Like all names, product names should be succinct and easy to say and spell. For more on what makes a fantastic brand name, check out Catchword’s 10 Qualities of Great Brand Names.
There is no single right or wrong answer here. Many successful companies rely primarily on a strong company name (think Oracle or Cisco), with use of descriptors for most products. This approach is known as “branded house,” and a benefit is that marketing spend serves to reinforce the equity of the master/corporate brand.
A company like Procter & Gamble, on the other hand, relies on a “house of brands” approach, with strong product brands like Charmin, Olay, and Bounty. This approach allows for much more targeted messaging for each product name. And if any of these products fails, there is no impact on the parent brand.
The choice of branded house or house-of-brands—or something in-between—depends on many factors, including number of anticipated products, target markets, and marketing budget.
Every company larger than a local mom-and-pop needs a website and an appropriate domain name for it to live at. So if you are naming or renaming a company, you will definitely need a domain name, though it doesn’t have to be the same as your company name.
Companies naming a new product or service can usually use their existing domain and just add a subpage (apple.com/iphone). The exception is when the product name rather than the company name is how you expect your audience to find you, as is often the case with consumer goods (we shop for Febreze, not Procter & Gamble products, so customers visit febreze.com for information about that product.)
The exact .com domain name is not a must these days unless you are an industry leader or blue-chip company (needing the stature of a .com), expect to do business primarily through online sales, or advertise a lot on TV or radio (where it may help to have a memorable address like shamwow.com).

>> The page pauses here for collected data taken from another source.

(* Let $a\ge1$, let $\mathcal{P}$ be either $\mathcal{Q}_{a,a}$ or $\mathcal{U}_a$, and let $\nu$ be any permutation of $[a]$. Define $\mathcal{R}(I)=\sum_{(i,j)\in I}(-1)^{i+j}$ for $I\in J(\mathcal{P})$. Then $\mathcal{R}$ is homomesic for $\mathcal{T}_\nu$ acting on $J(\mathcal{P})$.
   Context: $J(P)$ is the set of order ideals of a finite poset $P$. Toggle: $\sigma_x(I)=I\cup\{x\}$ if $x\notin I$ and $I\cup\{x\}\in J(P)$; $I\setminus\{x\}$ if $x\in I$ and $I\setminus\{x\}\in J(P)$; $I$ otherwise. For a chain $C=\{x_1<\dots<x_m\}$, $\sigma_C=\sigma_{x_1}\circ\cdots\circ\sigma_{x_m}$. $\mathcal{Q}_{a,a}=[a]\times[a]$ with componentwise order and columns $C_c=\{(c,j):j\in[a]\}$; $\mathcal{U}_a=\{(i,j)\in[a]^2: i+j\ge a+1\}$ with componentwise order and columns $C_c=\{(c,j): a+1-c\le j\le a\}$. Comotion: $\mathcal{T}_\nu=\sigma_{C_{\nu(a)}}\circ\cdots\circ\sigma_{C_{\nu(1)}}$. A function on a finite set with a permutation $\tau$ is homomesic if its average over every $\tau$-orbit is the same constant. *)

From HB Require Import structures.
From mathcomp Require Import all_boot all_order all_algebra all_fingroup.
Set Implicit Arguments. Unset Strict Implicit. Unset Printing Implicit Defensive.
Import GRing.Theory Num.Theory.

(* Ground set [a] x [a], 0-indexed: the pair (i, j) : 'I_a * 'I_a stands for
   the element (i+1, j+1) of the paper. *)
Definition pt (a : nat) := ('I_a * 'I_a)%type.

Definition ple (a : nat) (x y : pt a) : bool := (x.1 <= y.1)%N && (x.2 <= y.2)%N.

Definition Qaa (a : nat) : {set pt a} := [set: pt a].

(* U_a = {(i,j) : i + j >= a + 1} (1-indexed), i.e. i0 + j0 >= a - 1 (0-indexed) *)
Definition Ua (a : nat) : {set pt a} := [set x : pt a | (a.-1 <= x.1 + x.2)%N].

Definition is_ideal (a : nat) (P : {set pt a}) (I : {set pt a}) : bool :=
  (I \subset P) &&
  [forall x in P, forall y in I, ple x y ==> (x \in I)].

Definition toggle (a : nat) (P : {set pt a}) (x : pt a) (I : {set pt a})
  : {set pt a} :=
  if x \notin I then (if is_ideal P (x |: I) then x |: I else I)
  else (if is_ideal P (I :\ x) then I :\ x else I).

(* column C_c = {(c, j) in P}, listed increasingly x_1 < ... < x_m;
   sigma_C = sigma_{x_1} o ... o sigma_{x_m} *)
Definition col_list (a : nat) (P : {set pt a}) (c : 'I_a) : seq (pt a) :=
  [seq x <- [seq (c, j) | j <- enum 'I_a] | x \in P].

Definition col_toggle (a : nat) (P : {set pt a}) (c : 'I_a) (I : {set pt a})
  : {set pt a} :=
  foldr (toggle P) I (col_list P c).

(* comotion T_nu = sigma_{C_{nu(a)}} o ... o sigma_{C_{nu(1)}} *)
Definition comotion (a : nat) (P : {set pt a}) (nu : {perm 'I_a})
  (I : {set pt a}) : {set pt a} :=
  foldl (fun J i => col_toggle P (nu i) J) I (enum 'I_a).

(* R(I) = sum_{(i,j) in I} (-1)^(i+j)  (parity unchanged by 0-indexing) *)
Definition Rstat (a : nat) (I : {set pt a}) : int :=
  (\sum_(x in I) (-1) ^+ (x.1 + x.2))%R.

Definition homomesic (T : finType) (S : pred T) (tau : T -> T) (f : T -> int) :=
  exists c : rat, forall x, S x ->
    ((\sum_(y <- fingraph.orbit tau x) (f y)%:~R) / (size (fingraph.orbit tau x))%:R = c)%R.

From mathcomp Require Import all_boot all_order all_algebra all_fingroup.
From mathcomp Require Import zify.
Set Implicit Arguments. Unset Strict Implicit. Unset Printing Implicit Defensive.
Import GRing.Theory Num.Theory.

(* Both posets are staircases: column c is {(c, j) : lo c <= j} for a non-increasing lo, so an
   order ideal is given by non-increasing column heights h c in [lo c, a].  Toggling column c
   raises h c by one if column c - 1 allows it, and otherwise lowers it to max (lo c) (h (c + 1)).
   The contribution of column c to R depends only on the parity of h c - lo c, and in each case
   the contributions of column c before and after toggling add up to D c U h - D (c + 1) h' H,
   a difference of potentials of the boundaries between consecutive columns (U and H are the
   heights of the neighbours at the moment column c is toggled).  Summing over c, R I + R (T I) is
   a constant K0 - Ka plus one term per inner boundary; according to which of the two adjacent
   columns nu toggles first, that term vanishes or has the form G (T I) - G I, so it sums to zero
   along every orbit.  Hence twice the orbit sum of R is the orbit size times K0 - Ka. *)

Lemma orbit_sub (T : finType) (S : {pred T}) (f : T -> T) x :
  {homo f : y / y \in S} -> x \in S -> {subset fingraph.orbit f x <= S}.
Proof. by move=> fS xS y /trajectP[k _ ->]; elim: k => //= k /fS. Qed.

Lemma sum_orbit_shift (T : finType) (S : {pred T}) (f : T -> T) (V : nmodType)
    (G : T -> V) x :
  {homo f : y / y \in S} -> {in S &, injective f} -> x \in S ->
  (\sum_(y <- fingraph.orbit f x) G (f y) = \sum_(y <- fingraph.orbit f x) G y)%R.
Proof.
move=> fS finj xS; rewrite -(big_map f xpredT G); apply: perm_big.
have uniq_fO : uniq (map f (fingraph.orbit f x)).
  by rewrite (map_inj_in_uniq (sub_in2 (orbit_sub fS xS) finj)) fingraph.orbit_uniq.
have fO : {subset map f (fingraph.orbit f x) <= fingraph.orbit f x}.
  by move=> _ /mapP[y yO ->]; exact: fingraph.mem_orbit.
have [_ eqO] := uniq_min_size uniq_fO fO (eq_leq (esym (size_map _ _))).
by apply: uniq_perm; rewrite ?fingraph.orbit_uniq.
Qed.

Section Homomesy.
Local Open Scope ring_scope.

Lemma homomesic_orbit_sums (T : finType) (S : pred T) (tau : T -> T)
    (f : T -> int) (m : nat) (k : int) :
  (0 < m)%N ->
  (forall x, S x ->
     m%:R * \sum_(y <- fingraph.orbit tau x) f y
      = (size (fingraph.orbit tau x))%:R * k) ->
  homomesic S tau f.
Proof.
move=> m_gt0 orbit_sum; exists (k%:~R / m%:R : rat) => x Sx.
set O := fingraph.orbit tau x.
have O_gt0 : (size O)%:R != 0 :> rat.
  by rewrite pnatr_eq0 -lt0n size_orbit fingraph.order_gt0.
apply/eqP; rewrite -(big_morph _ (@intrD _) (erefl 0%:~R)) eqr_div // ?pnatr_eq0 -?lt0n //.
by rewrite !pmulrn -!intrM eqr_int -!natz mulrC orbit_sum // mulrC.
Qed.

End Homomesy.

Section Toggles.
Variables (a : nat) (P : {set pt a}).
Implicit Types (I J : {set pt a}) (x y : pt a).

Lemma ideal_sub I x : is_ideal P I -> x \in I -> x \in P.
Proof. by case/andP=> /subsetP sIP _ /sIP. Qed.

Lemma ideal_down I x y : is_ideal P I -> x \in P -> y \in I -> ple x y -> x \in I.
Proof.
by case/andP=> _ /forall_inP idealI xP yI; move/forall_inP/(_ y yI)/implyP: (idealI x xP).
Qed.

Lemma is_idealI I : {subset I <= P} ->
  (forall x y, x \in P -> y \in I -> ple x y -> x \in I) -> is_ideal P I.
Proof.
move=> sIP downI; apply/andP; split; first exact/subsetP.
by apply/forall_inP=> x xP; apply/forall_inP=> y yI; apply/implyP; apply: downI.
Qed.

Lemma toggle_ideal I x : is_ideal P I -> is_ideal P (toggle P x I).
Proof. by rewrite /toggle => idI; case: ifP => _; case: ifP. Qed.

Lemma in_toggle I x y : y != x -> (y \in toggle P x I) = (y \in I).
Proof.
move=> yx; rewrite /toggle; case: ifP => _; case: ifP => _ //.
  by rewrite in_setU1 (negbTE yx).
by rewrite in_setD1 yx.
Qed.

Lemma toggleK I x : is_ideal P I -> toggle P x (toggle P x I) = I.
Proof.
move=> idI; have [xI | xNI] := boolP (x \in I).
- have -> : toggle P x I = if is_ideal P (I :\ x) then I :\ x else I by rewrite /toggle xI.
  case: ifP => idK; last by rewrite /toggle xI idK.
  by rewrite /toggle !inE eqxx /= setD1K // idI.
- have -> : toggle P x I = if is_ideal P (x |: I) then x |: I else I by rewrite /toggle xNI.
  case: ifP => idK; last by rewrite /toggle xNI idK.
  by rewrite /toggle setU11 /= setU1K // idI.
Qed.

Lemma foldr_toggle_ideal s I : is_ideal P I -> is_ideal P (foldr (toggle P) I s).
Proof. by move=> idI; elim: s => //= x s; exact: toggle_ideal. Qed.

Lemma foldr_toggle_inj s : {in is_ideal P &, injective (fun I => foldr (toggle P) I s)}.
Proof.
move=> I J idI idJ /=; elim: s => //= x s IH eq_x; apply: IH.
by rewrite -(toggleK x (foldr_toggle_ideal s idI)) eq_x toggleK ?foldr_toggle_ideal.
Qed.

Lemma foldl_col_toggle_ideal (f : 'I_a -> 'I_a) s I : is_ideal P I ->
  is_ideal P (foldl (fun J i => col_toggle P (f i) J) I s).
Proof. by elim: s I => //= i s IH I idI; exact/IH/foldr_toggle_ideal. Qed.

Variable nu : {perm 'I_a}.

Lemma comotion_ideal I : is_ideal P I -> is_ideal P (comotion P nu I).
Proof. exact: foldl_col_toggle_ideal. Qed.

Lemma comotion_inj : {in is_ideal P &, injective (comotion P nu)}.
Proof.
rewrite /comotion; elim: (enum _) => //= i s IH I J idI idJ /IH eqIJ.
by apply: (foldr_toggle_inj idI idJ); apply: eqIJ; exact: foldr_toggle_ideal.
Qed.

End Toggles.

Lemma sum_sign_nat (l h : nat) : l <= h ->
  (\sum_(l <= j < h) (-1) ^+ j = (-1) ^+ l * (odd (h - l))%:Z :> int)%R.
Proof.
move=> lh; have [k ->] : exists k, h = l + k by exists (h - l); rewrite subnKC.
rewrite addKn; elim: k => [|k IH]; first by rewrite addn0 big_geq // mulr0.
rewrite addnS big_nat_recr ?leq_addr //= IH exprD -mulrDr -[((-1) ^+ k)%R]signr_odd /=.
by case: (odd k); rewrite /= ?expr1 ?expr0 ?addrN ?add0r.
Qed.

Section Staircase.
Variable n : nat.
Local Notation a := n.+1.
Variables (P : {set pt a}) (lo : nat -> nat).
Hypothesis mem_P : forall x : pt a, (x \in P) = (lo x.1 <= x.2).
Hypothesis lo_nonincr : forall c c', c <= c' -> lo c' <= lo c.
Hypothesis lo_le : forall c, lo c <= a.
Implicit Types (I J K : {set pt a}) (x y : pt a).

Definition height I (c : nat) : nat :=
  maxn (lo c) (\max_(x in I | x.1 == c :> nat) x.2.+1).

Definition left_height I (c : nat) : nat := if c == 0 then a else height I c.-1.

Definition floor_height I (c : nat) : nat := maxn (lo c) (height I c.+1).

Lemma pt_eqE x y : (x == y) = (x.1 == y.1 :> nat) && (x.2 == y.2 :> nat).
Proof. by case: x y => [x1 x2] [y1 y2]; rewrite xpair_eqE. Qed.

Lemma height_ge I c : lo c <= height I c.
Proof. exact: leq_maxl. Qed.

Lemma height_le I c : height I c <= a.
Proof. by rewrite geq_max lo_le; apply/bigmax_leqP => x _; exact: ltn_ord. Qed.

Lemma height_out I c : a <= c -> height I c = lo c.
Proof.
move=> ac; rewrite /height big_pred0 ?maxn0 // => x.
by apply/andP=> -[_ /eqP ex]; move: (ltn_ord x.1); rewrite ex; lia.
Qed.

Lemma eq_height I J c :
  (forall x, x.1 = c :> nat -> (x \in I) = (x \in J)) -> height I c = height J c.
Proof.
move=> eqIJ; rewrite /height; congr maxn; apply: eq_bigl => x /=.
by case: (eqVneq (x.1 : nat) c) => [/eqIJ ->|]; rewrite ?andbT ?andbF.
Qed.

Lemma mem_ideal I x : is_ideal P I -> (x \in I) = (lo x.1 <= x.2 < height I x.1).
Proof.
move=> idI; apply/idP/idP => [xI | /andP[xP x_lt]].
  rewrite -mem_P (ideal_sub idI xI) /= (leq_trans _ (leq_maxr _ _)) //.
  by apply: (@leq_bigmax_cond _ (fun y => (y \in I) && (y.1 == x.1 :> nat))); rewrite xI eqxx.
have [y /and3P[yI /eqP y1 xy2]] :
    exists y, [&& y \in I, y.1 == x.1 :> nat & x.2 <= y.2].
  apply/existsP; apply: contraLR x_lt; rewrite negb_exists => /forallP yNI.
  rewrite -leqNgt geq_max xP; apply/bigmax_leqP => y /andP[yI y1].
  by move: (yNI y); rewrite yI y1 -ltnNge.
by apply: (ideal_down idI _ yI); rewrite ?mem_P // /ple y1 leqnn.
Qed.

Lemma height_nonincr I c c' : is_ideal P I -> c <= c' -> height I c' <= height I c.
Proof.
move=> idI cc'; rewrite {1}/height geq_max (leq_trans (lo_nonincr cc') (height_ge _ _)).
apply/bigmax_leqP => y /andP[yI /eqP y1].
have ca : c < a by rewrite (leq_ltn_trans cc') // -y1.
case: (leqP (lo c) y.2) => [y_ge | y_lt]; last exact: leq_trans y_lt (height_ge _ _).
have : ((Ordinal ca, y.2) : pt a) \in I.
  by apply: (ideal_down idI _ yI); rewrite ?mem_P // /ple /= y1 cc' leqnn.
by rewrite mem_ideal //= => /andP[].
Qed.

Lemma height_col K (c : 'I_a) m : is_ideal P K -> lo c <= m <= a ->
  (forall j : 'I_a, ((c, j) \in K) = (lo c <= j < m)) -> height K c = m.
Proof.
move=> idK /andP[lo_m ma] colK.
case: (ltngtP (height K c) m) => // [hm | mh].
- have ha : height K c < a by lia.
  move: (colK (Ordinal ha)); rewrite mem_ideal //= ltnn hm andbF.
  by move/esym; rewrite andbT; move: (height_ge K c); lia.
- have ja : m < a by move: (height_le K c); lia.
  by move: (colK (Ordinal ja)); rewrite mem_ideal //= ltnn mh lo_m andbF.
Qed.

Lemma height_bounds I c : is_ideal P I ->
  [/\ lo c <= floor_height I c, floor_height I c <= height I c,
      height I c <= left_height I c & left_height I c <= a].
Proof.
move=> idI; rewrite /floor_height /left_height geq_max leq_maxl height_ge.
rewrite height_nonincr //; case: eqP => _; rewrite ?height_le ?height_nonincr //.
exact: leq_pred.
Qed.

Lemma ideal_setU1_height I x : is_ideal P I -> x \notin I -> is_ideal P (x |: I) ->
  x.2 = height I x.1 :> nat /\ height I x.1 < left_height I x.1.
Proof.
move=> idI xNI idK.
have x_ge : lo x.1 <= x.2 by rewrite -mem_P (ideal_sub idK (setU11 _ _)).
have x2E : x.2 = height I x.1 :> nat.
  case: (ltngtP x.2 (height I x.1)) => // [x_lt | x_gt].
    by move: xNI; rewrite mem_ideal // x_ge x_lt.
  have ha : height I x.1 < a by move: (ltn_ord x.2); lia.
  have : ((x.1, Ordinal ha) : pt a) \in x |: I.
    apply: (ideal_down idK _ (setU11 _ _)); first by rewrite mem_P /= height_ge.
    by rewrite /ple /= leqnn ltnW.
  by rewrite in_setU1 pt_eqE /= eqxx (ltn_eqF x_gt) mem_ideal //= ltnn andbF.
split=> //; rewrite /left_height -x2E.
case: eqP => [_ | x1_neq0]; first exact: ltn_ord.
have ca : x.1.-1 < a by move: (ltn_ord x.1); lia.
case: (leqP (lo x.1.-1) x.2) => [x_ge' | x_lt]; last exact: leq_trans x_lt (height_ge _ _).
have : ((Ordinal ca, x.2) : pt a) \in x |: I.
  apply: (ideal_down idK _ (setU11 _ _)); first by rewrite mem_P.
  by rewrite /ple /= leqnn leq_pred.
rewrite in_setU1 pt_eqE /= mem_ideal //=.
have -> : (x.1.-1 == x.1 :> nat) = false by apply/negbTE; lia.
by case/andP.
Qed.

Most people will click a link or use search to get to your site rather than type in an address.
If the exact .com isn’t available, don’t panic! The truth is, most short domains have already been registered. Assuming you’re not able to negotiate a reasonable purchase price, there are several ways to create a great domain name.
Using a descriptor (a word that tells what you do) is a great way to find an available domain name. We did it (catchwordbranding.com), and it works perfectly for us. You can also use a call to action, tagline, search term, or other phrase for your website. For example, health-insurance company Oscar lives at hioscar.com, presumably because oscar.com is owned by the Academy Awards, and City National Bank uses bankatcity.com because a Canadian bank already had cnb.com and citynationalbank.com.
At the beginning of the name-development process, we determine whether an exact .com is a high priority for you. If it is, we recommend name styles that are more likely to be available, such as coinages or multi-word names, unless you have the budget, desire and grit to secure a real-word domain. Preliminary screening will provide an idea of what domains are available, and we will advise you accordingly.
If you absolutely need a .com, you may wish to turn to The Catchword Accelerator, our collection of premium brandable domains, perfect for new companies with a short timeline to market.
Catchword assembles a group of linguistic experts, three per language, who live in the target countries, speak the languages natively, and are also fluent in English. We present them with an objective survey about the name candidates, and then collate and analyze the data. The deliverable is an actionable report that allows you to quickly identify potential issues with names, along with our recommendation about which names are worth pursuing.